With the aim of paying drivers faster, Uber launched a scheme called Flexpay in some countries, which enabled drivers to tap a ‘pay-me-now’ app on their phone, although this could still involve several days’ wait, depending on the efficiency of the clearing system.

“That eventually evolved into something we call Instant Pay, although currently this is available only in the US,” says Wegner. “Up to five times per day, seven days a week, a driver can elect to get paid. Within a millisecond, whatever funds they’ve earned to that point automatically get transferred to a debit card account, so that they can swipe their card at a gas station or get the money out of an ATM immediately.

“It’s a real game-changer for many drivers. Uber’s not just disrupting the transportation space but some of the predatory lending practices seen in the US. They no longer have to rely on that if they need cash.”

David Tao, Uber

Colleague Tao says that the group had to review its payments systems and develop a whole new infrastructure. “When you’re doing this many payments– over four million a week – you can’t just log in to a bank portal to individually type each one.”

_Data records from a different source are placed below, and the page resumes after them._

Lemma pot_step q o w fu : 1 <= fu -> INR (k - o) <= fu ->
  INR w * INR (maxn 1 (k - q)) <= fu - 1 -> pot q o - pot q.+1 o <= fu - INR w.
Proof.
move=> fu1 fuo wq; rewrite /pot side_pot_succ; case: ltnP wq => qk wq.
- have cq : INR (k - q) = INR (k - q.+1) + 1 by rewrite -(subnSK qk) S_INR.
  rewrite (maxn_idPr _) ?subn_gt0 // in wq.
  have c1 : 1 <= INR (k - q) by rewrite cq; have := pos_INR (k - q.+1); lra.
  have ok : INR (k - o) <= INR k by apply: le_INR; apply/leP; rewrite leq_subr.
  set c := INR (k - q) in cq c1 wq *; set r := INR (k - o) in fuo ok *.
  have ic : 0 <= / c by apply/Rlt_le/Rinv_0_lt_compat; lra.
  have cc : c * / c = 1 by field; lra.
  have wle : INR w <= (fu - 1) * / c.
    by have := Rmult_le_compat_r _ _ _ ic wq; rewrite Rmult_assoc cc Rmult_1_r.
  have key : (fu - INR k) * / c <= fu - r.
    (* (fu - r) * c - (fu - k) = (c - 1) * (fu - r) + (k - r) *)
    have h : fu - INR k <= (fu - r) * c by nra.
    by have := Rmult_le_compat_r _ _ _ ic h; rewrite Rmult_assoc cc Rmult_1_r.
  have -> : INR (k - q.+1) = c - 1 by lra.
  rewrite /Rdiv; lra.
- have /eqP -> : (k - q.+1 == 0)%N by rewrite subn_eq0 ltnW.
  move: wq; rewrite (eqP qk) /=; lra.
Qed.

End Potential.

Lemma eqb_neg_id b : (b == ~~ b) = false.
Proof. by case: b. Qed.

Section CompleteBipartite.
Variables (T : finType) (e : rel T) (side : T -> bool) (n : nat).
Hypothesis eE : forall x y, e x y = (side x != side y).
Hypothesis side_card : forall s, #|[set x | side x == s]| = n.
Implicit Types (S W : {set T}) (f : T -> Z) (u v x : T) (s : bool).

Definition side_count S s : nat := #|[set x in S | side x == s]|.
Definition deleted S s : nat := n - side_count S s.
Definition nedges S : nat := side_count S true * side_count S false.

Lemma irr_bip u : ~~ e u u.
Proof. by rewrite eE eqxx. Qed.

Lemma nbhd_bip S u : nbhd e S u = [set x in S | side x == ~~ side u].
Proof. by apply/setP => x; rewrite !inE eE; case: (side x); case: (side u). Qed.

Lemma side_count_le S s : side_count S s <= n.
Proof.
rewrite -(side_card s); apply: subset_leq_card.
by apply/subsetP => x; rewrite !inE => /andP[_ ->].
Qed.

Lemma side_count_gt0 S u : u \in S -> 0 < side_count S (side u).
Proof. by move=> Su; rewrite card_gt0; apply/set0Pn; exists u; rewrite !inE Su eqxx. Qed.

Lemma side_count_D1 S u s : u \in S ->
  side_count (S :\ u) s = side_count S s - (side u == s).
Proof.
move=> Su; rewrite /side_count.
have -> : [set x in S :\ u | side x == s] = [set x in S | side x == s] :\ u.
  by apply/setP => x; rewrite !inE andbA.
by rewrite (cardsD1 u [set x in S | side x == s]) !inE Su addKn.
Qed.

Lemma side_count_setT s : side_count [set: T] s = n.
Proof. by rewrite /side_count -(side_card s); apply: eq_card => x; rewrite !inE. Qed.

Lemma deleted_setT s : deleted [set: T] s = 0.
Proof. by rewrite /deleted side_count_setT subnn. Qed.

Lemma side_count_set0 s : side_count set0 s = 0.
Proof. by apply/eqP; rewrite cards_eq0; apply/eqP/setP => x; rewrite !inE. Qed.

Lemma deleted_D1 S u s : u \in S -> deleted (S :\ u) s = deleted S s + (side u == s).
Proof.
move=> Su; rewrite /deleted side_count_D1 //.
have := side_count_le S s; have := side_count_gt0 S u Su.
by case: eqP => [<-|_]; lia.
Qed.

Lemma nedges_setT : nedges [set: T] = n * n.
Proof. by rewrite /nedges !side_count_setT. Qed.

“You have to find a way to follow this whole flow, one where we collect the beneficiary details, store them – making sure to comply with privacy rules – combine them with what we owe to our drivers and send it to the bank as some sort of payment instruction.”

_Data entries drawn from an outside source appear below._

(* A Level-SP PAF $\psi$ is certainty preserving if and only if $\psi$ is unanimous and $\psi$ admits a max-min representation whose phantom functions $f_S$, $S\subseteq N$, are all constant functions. Equivalently, a Level-SP PAF $\psi$ is certainty preserving iff there exist constants $\beta_S\in[0,1]$ ($S\subseteq N$), weakly increasing with respect to inclusion, with $\beta_\emptyset=0$, $\beta_N=1$, such that for all $\mathbf P\in\mathcal C^N$ and $a\in\Lambda$, $\Psi(\mathbf P)(a)=\max_{S\subseteq N}\min(\beta_S,\min_{i\in S}P_i(a))$.
   Context: Let $N=\{1,\dots,n\}$, $\Lambda\subseteq\mathbb R$ a nonempty Borel set, $\mathcal P$ the Borel probability measures on $\Lambda$, $\mathcal C$ the CDFs on $\Lambda$, $\pi(p)(a)=p(\{x\in\Lambda:x\le a\})$. A PAF is a map $\psi:\mathcal P^N\to\mathcal P$ with associated CAF $\Psi$ given by $\Psi(\pi(p_1),\dots,\pi(p_n))=\pi(\psi(p_1,\dots,p_n))$; $P_i=\pi(p_i)$. $\mathbf z_{-i}(z_i')$ is $\mathbf z$ with $i$-th coordinate replaced by $z_i'$. $\psi$ is Level-SP if for every $i$, $\mathbf P$, $P_i'$, $a$: $P_i(a)<\Psi(\mathbf P)(a)\Rightarrow\Psi(\mathbf P)(a)\le\Psi(\mathbf P_{-i}(P_i'))(a)$ and $P_i(a)>\Psi(\mathbf P)(a)\Rightarrow\Psi(\mathbf P)(a)\ge\Psi(\mathbf P_{-i}(P_i'))(a)$. $\psi$ is unanimous if $\psi(p,\dots,p)=p$. A max-min representation of $\psi$ with phantom functions $(f_S)_{S\subseteq N}$ consists of weakly increasing right-continuous $f_S:\Lambda\to[0,1]$ with $f_S\le f_{S'}$ whenever $S\subseteq S'$, such that $\Psi(\mathbf P)(a)=\max_{S\subseteq N}\min(f_S(a),\min_{i\in S}P_i(a))$ for all $\mathbf P,a$ (minimum over the empty set is $1$); every Level-SP PAF admits one. $\psi$ is certainty preserving if for every profile $\mathbf p$ and every Borel $A\subseteq\Lambda$: if $p_i(A)=1$ for all $i\in N$ then $\psi(\mathbf p)(A)=1$. *)

From HB Require Import structures.
From mathcomp Require Import all_boot all_order all_algebra.
From mathcomp Require Import all_classical all_reals all_analysis.
Set Implicit Arguments. Unset Strict Implicit. Unset Printing Implicit Defensive.
Import Order.TTheory GRing.Theory Num.Theory.
Local Open Scope classical_set_scope.
Local Open Scope ring_scope.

Meeting these challenges has been the making of Uber’s treasury department, which has taken on much of the work for which it previously relied on the group’s engineering and product divisions and developing expertise in everything from XML files to user acceptance testing (UAT) when working with banks.

“We worked very closely with engineering and product, who didn’t want to block or stop any of the things we were doing,” says Tao. “They understood why we were doing it.

“We got together and asked how we could have treasury own and manage its own road map, its own prioritisation and its own resources and this is how we came to create and use our own self-service tools.”

Over the fourth quarter of 2017 and the first half of 2018, Uber’s treasury team transitioned over 20 countries to new payment methods and/or banks. Swiftly resolving clearing system concerns, the division delivered annualised savings of $5 million that will grow to $10 million-plus by Q4.

Drivers are paid faster, while lifting fees previously assessed to them have been eliminated. Treasury has also made ‘dual rails’ a reality in Uber’s major markets. Dual rails allows the group to split payment volumes between two different banks in the same country. Treasury is empowered to immediately address quality issues and negotiate pricing well after a contract is signed.

With Uber’s volumes still doubling in many markets and new business expanding globally, this type of flexibility is priceless. Dual rails also opens the door to “dynamic routing” which allows splitting transactions by multiple criteria, for even greater efficiency.

As the company diversifies further into logistics, food delivery and self-driving cars – and the prospect of a $100 billion-plus IPO on the horizon – the work of Wegner and Tao’s team will stand Uber in good stead for the future.